The true story of a lesbian love affair a century before "Blue is the Warmest Color."

An artist’s love for their muse, as seen here in La France Croisée, dates back as far as Thalia, Muse of Comedy and the other eight Muses of ancient Greece. Ida Rubinstein, Romaine Brooks’ favorite muse, was an alluring woman who many had trouble wrapping their heads around. Her parents’ version of support was having her institutionalized after her risqué dance of the seven veils in a performance of "Salome."

After escaping said mental institution, Rubinstein had a successful dance career in France and became the “Lady Gaga” of her day. It was at a performance of "The Martyrdom of St. Sebastian" that got her excommunicated by the Parisian archbishop where she met Romaine Brooks and fell deeply in love.

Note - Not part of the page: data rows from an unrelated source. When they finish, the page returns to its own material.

(* Let $S$ be a ground set, $f$ a function from subsets of $S$ to subsets of $S$, $t\ge 1$ an integer and $u=\lfloor(\frac{t}{2}+1)^2\rfloor$. A set $\mathcal{C}\subseteq S$ is a $t$-parent-identifying scheme under the $f$-channel if and only if every subset $\mathcal{C}'\subseteq\mathcal{C}$ with $|\mathcal{C}'|\le u$ is a $t$-parent-identifying scheme under the $f$-channel.
   Context: Here $S$ is $Q^n$ or $2^Q$ for a finite set $Q$. A set $\mathcal{D}\subseteq S$ is a $t$-parent-identifying scheme under the $f$-channel if for every $\mathcal{D}'\subseteq\mathcal{D}$ with $|\mathcal{D}'|\le t$ and every $d\in f(\mathcal{D}')$, we have $\bigcap_{\mathcal{P}\subseteq\mathcal{D}:\,|\mathcal{P}|\le t,\ d\in f(\mathcal{P})}\mathcal{P}\neq\emptyset$. *)

From mathcomp Require Import all_boot.
Set Implicit Arguments. Unset Strict Implicit. Unset Printing Implicit Defensive.

Definition t_pi_scheme (S : finType) (f : {set S} -> {set S}) (t : nat)
    (D : {set S}) : Prop :=
  forall D' : {set S}, D' \subset D -> #|D'| <= t ->
  forall d : S, d \in f D' ->
  exists x : S, forall P : {set S},
    P \subset D -> #|P| <= t -> d \in f P -> x \in P.

From mathcomp Require Import all_boot.
From mathcomp Require Import zify.

Set Implicit Arguments.
Unset Strict Implicit.
Unset Printing Implicit Defensive.

(* If C is not t-parent-identifying, some d has a nonempty family F of parent
   sets of size at most t with empty intersection.  Pick P1, P2 in F with
   k = |P1 :&: P2| minimal and, for each x in P1 :&: P2, a member g x of F
   missing x.  By minimality g x meets P1 :|: P2 in at least k + 1 points, so
   the union of P1, P2 and the g x has at most (2t - k) + k (t - k - 1)
   = (k + 2)(t - k) <= (t + 2)^2 / 4 elements, and inside it the parent sets
   P1, P2, g x of d still have empty intersection. *)

Lemma quarter_square_bound (t k : nat) :
  k <= t -> 2 * t - k + k * (t - k - 1) <= (t + 2) ^ 2 %/ 4.
Proof.
rewrite leq_eqVlt => /predU1P[-> | lt_kt]; rewrite leq_divRL // mulnC.
  by apply: leq_trans (nat_AGM2 t 2).1; nia.
have -> : 2 * t - k + k * (t - k - 1) = (k + 2) * (t - k) by nia.
by have := (nat_AGM2 (k + 2) (t - k)).1; rewrite addnAC (subnKC (ltnW lt_kt)).
Qed.

Lemma cardsDU_lt (T : finType) (A B Q : {set T}) :
  #|A :&: B| <= #|A :&: Q| -> #|A :&: B| <= #|B :&: Q| ->
  #|A :&: B :&: Q| < #|A :&: B| ->
  #|Q :\: (A :|: B)| + #|A :&: B| < #|Q|.
Proof.
move=> leA leB ltAB.
have := cardsID (A :|: B) Q; have := cardsUI (A :&: Q) (B :&: Q).
by rewrite -setIUl setIACA setIid setIC; lia.
Qed.

Section SmallSubfamily.

Variables (T : finType) (t : nat) (F : {set {set T}}).
Hypotheses (card_F : {in F, forall P : {set T}, #|P| <= t})
           (bigcapF : \bigcap_(P in F) P = set0).

Lemma bigcap_eq0_avoid (x : T) : exists2 P, P \in F & x \notin P.
Proof.
apply/exists_inP; rewrite -negb_forall_in; apply: contraFN (in_set0 x).
by rewrite -bigcapF => /forall_inP x_in_F; apply/bigcapP.
Qed.

Section MinimalPair.

Variables (P1 P2 : {set T}).
Hypotheses (P1F : P1 \in F) (P2F : P2 \in F)
           (min_P12 : {in F &, forall Q1 Q2 : {set T},
                         #|P1 :&: P2| <= #|Q1 :&: Q2|}).

Let I := P1 :&: P2.

Lemma card_outside_minimal_pair (Q : {set T}) (x : T) :
  Q \in F -> x \in I -> x \notin Q -> #|Q :\: (P1 :|: P2)| <= t - #|I| - 1.
Proof.
move=> QF xI xQ.
have ltI : #|I :&: Q| < #|I|.
  rewrite proper_card // properEneq subsetIl andbT.
  by apply: contraNneq xQ => eqQI; move: xI; rewrite -eqQI => /setIP[].
have := cardsDU_lt (min_P12 P1F QF) (min_P12 P2F QF) ltI.
by have := card_F QF; rewrite /I; lia.
Qed.

Variable g : T -> {set T}.
Hypotheses (gF : forall x, g x \in F) (x_notin_g : forall x, x \notin g x).

Let G := P1 |: (P2 |: g @: I).

Lemma minimal_pair_subfamily : G \subset F.
Proof.
by apply/subsetP => P /setU1P[-> // | /setU1P[-> // | /imsetP[x _ ->]]].
Qed.

Lemma minimal_pair_subfamily_neq0 : G != set0.
Proof. by apply/set0Pn; exists P1; rewrite setU11. Qed.

Lemma bigcap_minimal_pair_subfamily : \bigcap_(P in G) P = set0.
Proof.
apply/setP => x; rewrite inE; apply/bigcapP => x_in_G.
have xI : x \in I by rewrite inE !x_in_G // !inE eqxx ?orbT.
have gxG : g x \in G by rewrite !inE (imset_f g xI) !orbT.
by have := x_notin_g x; rewrite x_in_G.
Qed.

Lemma card_cover_minimal_pair_subfamily : #|cover G| <= (t + 2) ^ 2 %/ 4.
Proof.
set U := P1 :|: P2.
have le_It : #|I| <= t.
  exact: leq_trans (subset_leq_card (subsetIl _ _)) (card_F P1F).
have sub_cover : cover G \subset U :|: \bigcup_(x in I) (g x :\: U).
  rewrite /cover !bigcup_setU !big_set1 -/(cover _) cover_imset setUA.
  apply/subsetP => y /setUP[yU | /bigcupP[x xI ygx]]; first by rewrite inE yU.
  rewrite inE; case: (boolP (y \in U)) => //= yU.
  by apply/bigcupP; exists x; rewrite // inE yU.
have card_outside : #|\bigcup_(x in I) (g x :\: U)| <= #|I| * (t - #|I| - 1).
  rewrite -cover_imset; apply: leq_trans (leq_card_cover _).1 _.
  apply: (@leq_trans (\sum_(A in [set g x :\: U | x in I]) (t - #|I| - 1))).
    apply: leq_sum => A /imsetP[x xI ->].
    exact: card_outside_minimal_pair (gF x) xI (x_notin_g x).
  by rewrite sum_nat_const leq_mul2r leq_imset_card orbT.
have := leq_trans (subset_leq_card sub_cover) (leq_card_setU _ _).1.
have := cardsU P1 P2; have := subset_leq_card (subsetIl P1 P2); rewrite -/U -/I.
have := quarter_square_bound le_It; have := card_F P1F; have := card_F P2F.
lia.
Qed.

End MinimalPair.

Lemma small_subfamily_bigcap_eq0 :
  F != set0 ->
  exists2 G : {set {set T}}, G \subset F &
    [/\ G != set0, #|cover G| <= (t + 2) ^ 2 %/ 4 & \bigcap_(P in G) P = set0].
Proof.
case/set0Pn => P0 P0F.
have P00 : (P0, P0) \in setX F F by rewrite in_setX P0F.
case: (arg_minnP (fun p : {set T} * {set T} => #|p.1 :&: p.2|) P00).
move=> [P1 P2] /setXP[P1F P2F] /= min_pairs.
have min_P12 : {in F &, forall Q1 Q2 : {set T}, #|P1 :&: P2| <= #|Q1 :&: Q2|}.
  by move=> Q1 Q2 Q1F Q2F; apply: (min_pairs (Q1, Q2)); apply/setXP.
have [g gF x_notin_g] := fin_all_exists2 bigcap_eq0_avoid.
exists (P1 |: (P2 |: g @: (P1 :&: P2))).
  exact: minimal_pair_subfamily.
split.
- exact: minimal_pair_subfamily_neq0.
- exact (card_cover_minimal_pair_subfamily P1F P2F min_P12 gF x_notin_g).
- exact: bigcap_minimal_pair_subfamily.
Qed.

End SmallSubfamily.

Definition parent_sets (S : finType) (f : {set S} -> {set S}) (t : nat)
    (D : {set S}) (d : S) : {set {set S}} :=
  [set P : {set S} | [&& P \subset D, #|P| <= t & d \in f P]].

Lemma t_pi_schemeP (S : finType) (f : {set S} -> {set S}) (t : nat)
    (D : {set S}) :
  t_pi_scheme f t D <->
  forall d, parent_sets f t D d != set0 ->
    \bigcap_(P in parent_sets f t D d) P != set0.
Proof.
split=> [piD d /set0Pn[D'] | capD D' sD' cD' d dD'].
  rewrite inE => /and3P[sD' cD' dD'].
  have [x x_in] := piD D' sD' cD' d dD'.
  apply/set0Pn; exists x; apply/bigcapP => P.
  by rewrite inE => /and3P[]; apply: x_in.
have /set0Pn[x /bigcapP x_in] : \bigcap_(P in parent_sets f t D d) P != set0.
  by apply: capD; apply/set0Pn; exists D'; rewrite inE sD' cD'.
by exists x => P sP cP dP; apply: x_in; rewrite inE sP cP.
Qed.

Lemma t_pi_schemeS (S : finType) (f : {set S} -> {set S}) (t : nat)
    (C D : {set S}) :
  D \subset C -> t_pi_scheme f t C -> t_pi_scheme f t D.
Proof.
move=> sDC piC D' sD' cD' d dD'.
have [x x_in] := piC D' (subset_trans sD' sDC) cD' d dD'.
by exists x => P sP; apply: x_in; apply: subset_trans sP sDC.
Qed.

Theorem corollary1 (S : finType) (f : {set S} -> {set S}) (t : nat)
    (C : {set S}) :
  1 <= t ->
  (t_pi_scheme f t C <->
   forall C' : {set S}, C' \subset C -> #|C'| <= (t + 2) ^ 2 %/ 4 ->
     t_pi_scheme f t C').
Proof.
move=> _; split=> [piC C' sC' _ | small_pi]; first exact: t_pi_schemeS piC.
apply/t_pi_schemeP => d nz_parents; apply/negP => /eqP cap0.
have card_parents : {in parent_sets f t C d, forall P : {set S}, #|P| <= t}.
  by move=> P; rewrite inE => /and3P[].
have [G sG [nzG card_G capG]] :=
  small_subfamily_bigcap_eq0 card_parents cap0 nz_parents.
have sGC : cover G \subset C.
  by apply/bigcupsP => P /(subsetP sG); rewrite inE => /and3P[].
have sG_parents : G \subset parent_sets f t (cover G) d.
  apply/subsetP => P PG; have := subsetP sG P PG.
  by rewrite !inE => /and3P[_ -> ->]; rewrite bigcup_sup.
have /set0Pn[x /bigcapP x_in] :
    \bigcap_(P in parent_sets f t (cover G) d) P != set0.
  have /t_pi_schemeP piG := small_pi _ sGC card_G; apply: piG.
  case/set0Pn: nzG => P PG.
  by apply/set0Pn; exists P; apply: (subsetP sG_parents).
have : x \in \bigcap_(P in G) P.
  by apply/bigcapP => P /(subsetP sG_parents); apply: x_in.
by rewrite capG inE.
Qed.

Brooks thought her to be an ideal beauty, celebrating and immortalizing her nude form in several paintings. At the time, her work was controversial: nudity in art wasn’t uncommon, but it was unheard of for a woman to paint a nude woman. Apparently, male art critics of the time had even less understanding of the female gaze than men do now.

The inspiration behind La France Croisée was the advent of World War I and Rubinstein nobly putting her dancing career on hold to volunteer for the war effort. Of course, she didn’t start volunteering until after her lifelong best friend and famous costume designer Léon Bakst commissioned her a specially tailored nurse’s uniform.

Unfortunately for the two lovers, much like the affair of Adele and Emma, their love was not to last. Brooks was more in love with Rubinstein’s beauty as a model than as a lifetime partner. Rubinstein saw an idealized life for them on the countryside, something in line with The Lane of Poplars at Moret, but this did not sit well with Brooks. She told her it was time she started painting other people and moved on.